The undersigned members of the Safe Food Coalition write to oppose the Food Safety and Inspection Service’s (FSIS’s) proposal to eliminate rules requiring the cleaning of hog carcasses prior to any incision, codified at 9 C.F.R. 310.11. Contaminated pork represents a serious public health burden in the United States, causing over half a million cases of foodborne illness each year. Consumers deserve better protections against harmful pathogens in pork, from government and industry alike. We acknowledge that shifting from a “command-and-control” approach to more performance-based criteria in regulations could ultimately benefit consumers. However, FSIS has failed to maintain meaningful performance-based criteria for hog slaughter. As a result, the proposed action presents an unacceptable risk of hurting consumers.

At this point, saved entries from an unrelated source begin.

(* Let $R$ be an associative ring with identity and $a,b\in R$. If $ab\in R^{\dagger}$, then $ba\in R^{\dagger}$ and $(ba)^{\dagger}=b\big((ab)^{\dagger}\big)^2a$.
   Context: For $x\in R$, $\mathrm{comm}(x)=\{y\in R : xy=yx\}$ and $\mathrm{comm}^2(x)=\{y\in R : yz=zy \text{ for all } z\in\mathrm{comm}(x)\}$. $R^{rad}$ is the Jacobson radical of $R$. An element $x$ has a p-Drazin (pseudo Drazin) inverse if there is $y\in R$ with $y=yxy$, $y\in\mathrm{comm}^2(x)$ and $x^k-x^{k+1}y\in R^{rad}$ for some $k\in\mathbb{N}$; such $y$ is unique and denoted $x^{\dagger}$; $R^{\dagger}$ is the set of such $x$. *)

From HB Require Import structures.
From mathcomp Require Import all_boot all_order all_algebra.
Set Implicit Arguments. Unset Strict Implicit. Unset Printing Implicit Defensive.
Import GRing.Theory.
Local Open Scope ring_scope.

(* u is a (two-sided) unit of R, stated without requiring a unitRing structure. *)
Definition is_unit_el (R : pzRingType) (u : R) : Prop :=
  exists v : R, v * u = 1 /\ u * v = 1.

Definition commutant (R : pzRingType) (x : R) : R -> Prop :=
  fun y => x * y = y * x.

Definition dcommutant (R : pzRingType) (x : R) : R -> Prop :=
  fun y => forall z : R, commutant x z -> y * z = z * y.

(* Membership in the Jacobson radical R^rad, via the standard elementwise
   characterization: x \in J(R) iff 1 - r x is a unit for every r \in R. *)
Definition in_jacobson (R : pzRingType) (x : R) : Prop :=
  forall r : R, is_unit_el (1 - r * x).

Definition is_pdrazin_inv (R : pzRingType) (x y : R) : Prop :=
  [/\ y = y * x * y, dcommutant x y &
      exists k : nat, in_jacobson (x ^+ k - x ^+ k.+1 * y)].

Definition has_pdrazin (R : pzRingType) (x : R) : Prop :=
  exists y : R, is_pdrazin_inv x y.

From mathcomp Require Import all_boot all_order all_algebra.
Import GRing.Theory.
Local Open Scope ring_scope.

(* The three defining
   properties of z are checked separately, each reduced to a property of y
   by moving the outer factors b, a across:
   - reflexivity  z (ba) z = z  follows from y^2 (ab) = (ab) y^2 = y;
   - z lies in comm^2(ba): an element t commuting with ba yields a t b
     commuting with ab, hence with y^3, and z t = t z follows by writing
     y^2 = y^3 (ab) and shuttling t through;
   - (ba)^(k+1) - (ba)^(k+2) z = b ((ab)^k - (ab)^(k+1) y) a, and the
     Jacobson radical is stable under such sandwiching, which is Jacobson's
     lemma "1 - uv invertible implies 1 - vu invertible". *)

(* Jacobson's lemma: if 1 - uv is a unit with inverse c, then 1 - vu is a
   unit with inverse 1 + vcu. *)
Lemma jacobson_unit (R : pzRingType) (u v : R) :
  is_unit_el (1 - u * v) -> is_unit_el (1 - v * u).
Proof.
case=> c [cK Kc]; exists (1 + v * c * u); split.
- have e : v * (c * (1 - u * v)) * u = v * u by rewrite cK mulr1.
  rewrite !(mulrBr, mulrBl, mulr1, mul1r) !mulrA in e.
  by rewrite mulrDl mul1r mulrBr mulr1 !mulrA e subrK.
- have e : v * ((1 - u * v) * c) * u = v * u by rewrite Kc mulr1.
  rewrite !(mulrBr, mulrBl, mulr1, mul1r) !mulrA in e.
  by rewrite mulrDr mulr1 mulrBl mul1r !mulrA e subrK.
Qed.

Lemma jacobson_sandwich (R : pzRingType) (a b w : R) :
  in_jacobson w -> in_jacobson (b * w * a).
Proof.
move=> Jw r; rewrite !mulrA; apply: (@jacobson_unit R a (r * b * w)).
by rewrite !mulrA; apply: Jw.
Qed.

Lemma exprS_swap (R : pzRingType) (a b : R) (n : nat) :
  (b * a) ^+ n.+1 = b * (a * b) ^+ n * a.
Proof.
elim: n => [|n IH]; first by rewrite expr1 expr0 mulr1.
by rewrite exprS IH exprS !mulrA.
Qed.

Lemma commutant_swap (R : pzRingType) (a b t : R) :
  commutant (b * a) t -> commutant (a * b) (a * t * b).
Proof.
rewrite /commutant => ct.
by rewrite !mulrA -(mulrA a b a) -(mulrA a) ct !mulrA.
Qed.

Section InnerInverse.
Context {R : pzRingType} {x y : R}.
Hypotheses (yxy : y = y * x * y) (cxy : x * y = y * x).

Lemma sqr_mulr : y ^+ 2 * x = y.
Proof. by rewrite expr2 -mulrA -cxy mulrA -yxy. Qed.

Lemma mulr_sqr : x * y ^+ 2 = y.
Proof. by rewrite expr2 mulrA cxy -yxy. Qed.

Lemma sqr_cube : y ^+ 2 = y ^+ 3 * x.
Proof. by rewrite [y ^+ 3]exprS -mulrA sqr_mulr expr2. Qed.

Lemma mulr_cube : x * y ^+ 3 = y ^+ 2.
Proof. by rewrite exprSr mulrA mulr_sqr expr2. Qed.

End InnerInverse.

Section Cline.
Variables (R : pzRingType) (a b y : R).
Hypothesis hy : is_pdrazin_inv (a * b) y.

Let yxy : y = y * (a * b) * y.
Proof. by move: hy; rewrite /is_pdrazin_inv => -[]. Qed.
Let dcy : dcommutant (a * b) y.
Proof. by move: hy; rewrite /is_pdrazin_inv => -[]. Qed.
Let cxy : (a * b) * y = y * (a * b).
Proof. by apply/esym/dcy; rewrite /commutant. Qed.

Lemma cline_reflexive :
  b * y ^+ 2 * a = b * y ^+ 2 * a * (b * a) * (b * y ^+ 2 * a).
Proof.
have -> : b * y ^+ 2 * a * (b * a) * (b * y ^+ 2 * a)
        = b * (y ^+ 2 * (a * b) * ((a * b) * y ^+ 2)) * a by rewrite !mulrA.
by rewrite (sqr_mulr yxy cxy) (mulr_sqr yxy cxy) expr2.
Qed.

Lemma cline_dcommutant : dcommutant (b * a) (b * y ^+ 2 * a).
Proof.
move=> t ct; have cbt : b * a * t = t * (b * a) := ct.
(* y^3 commutes with a t b, since y does and a t b commutes with ab. *)
have cy3 : y ^+ 3 * (a * t * b) = a * t * b * y ^+ 3.
  have cy : GRing.comm y (a * t * b) by apply/dcy/commutant_swap.
  exact/commr_sym/commrX/commr_sym.
(* Move t to the right of y^3 using y^2 = y^3 (ab) and t (ba) = (ba) t. *)
have right : b * y ^+ 2 * a * t = b * (y ^+ 3 * (a * t * b)) * a.
  rewrite (sqr_cube yxy cxy).
  by move: (congr1 (fun w => b * y ^+ 3 * a * w) cbt); rewrite !mulrA.
(* Move t to the left of y^3 using (ab) y^3 = y^2 and (ba) t = t (ba). *)
have left : b * (a * t * b * y ^+ 3) * a = t * (b * y ^+ 2 * a).
  rewrite -(mulr_cube yxy cxy).
  by move: (congr1 (fun w => w * (b * y ^+ 3 * a)) cbt); rewrite !mulrA.
by rewrite right cy3 left.
Qed.

Lemma cline_radical (k : nat) :
  in_jacobson ((a * b) ^+ k - (a * b) ^+ k.+1 * y) ->
  in_jacobson ((b * a) ^+ k.+1 - (b * a) ^+ k.+2 * (b * y ^+ 2 * a)).
Proof.
move=> J; suff -> : (b * a) ^+ k.+1 - (b * a) ^+ k.+2 * (b * y ^+ 2 * a)
    = b * ((a * b) ^+ k - (a * b) ^+ k.+1 * y) * a by exact: jacobson_sandwich.
rewrite !(@exprS_swap R a b).
have -> : b * (a * b) ^+ k.+1 * a * (b * y ^+ 2 * a)
        = b * ((a * b) ^+ k.+1 * ((a * b) * y ^+ 2)) * a by rewrite !mulrA.
by rewrite (mulr_sqr yxy cxy) mulrBr mulrBl.
Qed.

Lemma cline_pdrazin : is_pdrazin_inv (b * a) (b * y ^+ 2 * a).
Proof.
case: hy => _ _ [k J]; split.
- exact: cline_reflexive.
- exact: cline_dcommutant.
- by exists k.+1; apply: cline_radical.
Qed.

End Cline.

Theorem corollary3p3 (R : pzRingType) (a b : R) :
  has_pdrazin (a * b) ->
  has_pdrazin (b * a) /\
  (forall y : R, is_pdrazin_inv (a * b) y ->
     is_pdrazin_inv (b * a) (b * y ^+ 2 * a)).
Proof.
case=> y hy; split; last exact: cline_pdrazin.
by exists (b * y ^+ 2 * a); apply: cline_pdrazin.
Qed.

Prior to making the proposed changes, FSIS should:

  • Implement meaningful Salmonella reduction performance standards for pork products;
  • Publish the identities of pork processors that fail to meet performance standards, as the agency does for poultry processors;
  • Evaluate the impact that removing carcass cleaning requirements has had on pathogen levels in plants that have received waivers from the regulation;
  • Develop a plan to evaluate the food safety impact of the proposed action across all plants.

These measures, at a minimum, are needed to support FSIS’s claim that the carcass cleaning requirements are “unnecessary,” and to ensure that the “more efficient” procedures adopted in the wake of this rulemaking do not compromise food safety.